I am running GPU instance on GKE when everything is deployed I make the request to the service Above mention error occur I followed all the step in mentioned in https://cloud.google.com/kubernetes-engine/docs/how-to/gpus#ubuntu This is my DockerFile
FROM nvidia/cuda:10.2-cudnn7-devel
# install nginx
# RUN apt-get update && apt-get install nginx vim -y --no-install-recommends
# RUN ln -sf /dev/stdout /var/log/nginx/access.log \
# && ln -sf /dev/stderr /var/log/nginx/error.log
## Setup
RUN mkdir -p /opt/app
RUN apt-get update -y && \
apt-get install -y --no-install-recommends \
python3-dev \
python3-pip \
python3-wheel \
python3-setuptools && \
rm -rf /var/lib/apt/lists/* /var/cache/apt/archives/*
RUN pip3 install --no-cache-dir -U install setuptools pip
RUN pip3 install --no-cache-dir cupy_cuda102==8.0.0rc1 scipy optuna
COPY requirements.txt start.sh run.py uwsgi.ini utils.py /opt/app/
COPY shading_characteristics /opt/app/shading_characteristics
WORKDIR /opt/app
RUN pip install -r requirements.txt
RUN pip install --upgrade 'sentry-sdk[flask]'
RUN pip install uwsgi -I --no-cache-dir
EXPOSE 5000
## Start the server, giving permissions for script
# COPY nginx.conf /etc/nginx
RUN chmod +x ./start.sh
RUN chmod -R 777 /root
CMD ["./start.sh"] Edit (May 2021)
GKE now officially supports NVIDIA driver version 450.102.04, which support CUDA 10.2.
Please note that GKE 1.19.8-gke.1200 and higher is required.

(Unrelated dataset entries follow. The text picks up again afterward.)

Theorem proposition1 (n1 n2 : nat) (L : finFieldType)
  (hn1 : (1 <= n1)%N) (hn2 : (1 <= n2)%N)
  (hchar : 2%N \in [pchar L]) (hcard : #|L| = (2 ^ lcmn n1 n2)%N)
  (alpha : 'I_n1 -> L) (beta : 'I_n2 -> L)
  (halpha : F2basis alpha) (hbeta : F2basis beta)
  (f : L -> L -> bool) (c : nat -> nat -> L)
  (hrep : forall x y : L, x \in @subF L n1 -> y \in @subF L n2 ->
     (f x y)%:R = \sum_(i < 2 ^ n1) \sum_(j < 2 ^ n2) c i j * x ^+ i * y ^+ j) :
  alg_deg alpha beta f =
  (\max_(i < 2 ^ n1) \max_(j < 2 ^ n2 | c i j != 0%R) (wt n1 i + wt n2 j))%N.
Proof.
have inj_alpha := bincomb_inj hchar halpha.2.
have inj_beta := bincomb_inj hchar hbeta.2.
pose w : {ffun biset n1 n2 -> L} := [ffun k => c (setnum k.1) (setnum k.2)].
have anf_coefE S1 S2 : (anf_coef alpha beta f S1 S2)%:R = anf alpha beta w (S1, S2).
  rewrite /anf_coef -modn2 (GRing.natr_mod_pchar hchar) ffunE natr_sum.
  apply: eq_bigr => T1 _; rewrite natr_sum; apply: eq_bigr => T2 _.
  rewrite hrep ?(subF_bincomb hchar halpha.1) ?(subF_bincomb hchar hbeta.1) //.
  rewrite /bipoly_eval big_setnum; apply: eq_bigr => I _.
  by rewrite big_setnum; apply: eq_bigr => J _; rewrite ffunE.
transitivity (bideg (anf alpha beta w)).
  apply: eq_bigr => S1 _; apply: eq_bigl => S2.
  by rewrite -anf_coefE; case: anf_coef; rewrite ?oner_eq0 ?eqxx.
rewrite bideg_anf // big_setnum; apply: eq_bigr => I _.
by rewrite big_setnum; apply: eq_big => [J|J _]; rewrite ?ffunE /= ?wt_setnum.
Qed.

As you can see in Nvidia's website, CUDA 10.2 requires Nvidia driver version >= 440.33.
Since the latest Nvidia driver available officially in GKE is 418.74, the newest CUDA version you can use is 10.1 at the moment.
If your application, or other dependencies such as PyTorch, can function properly with CUDA 10.1, the fastest solution will be to downgrade your base Docker image with CUDA 10.1.
There are unofficial ways to install newer Nvidia Driver versions on GKE nodes running COS, but if it's not a must for you - I'd stick to the official and supported GKE method and use 10.1.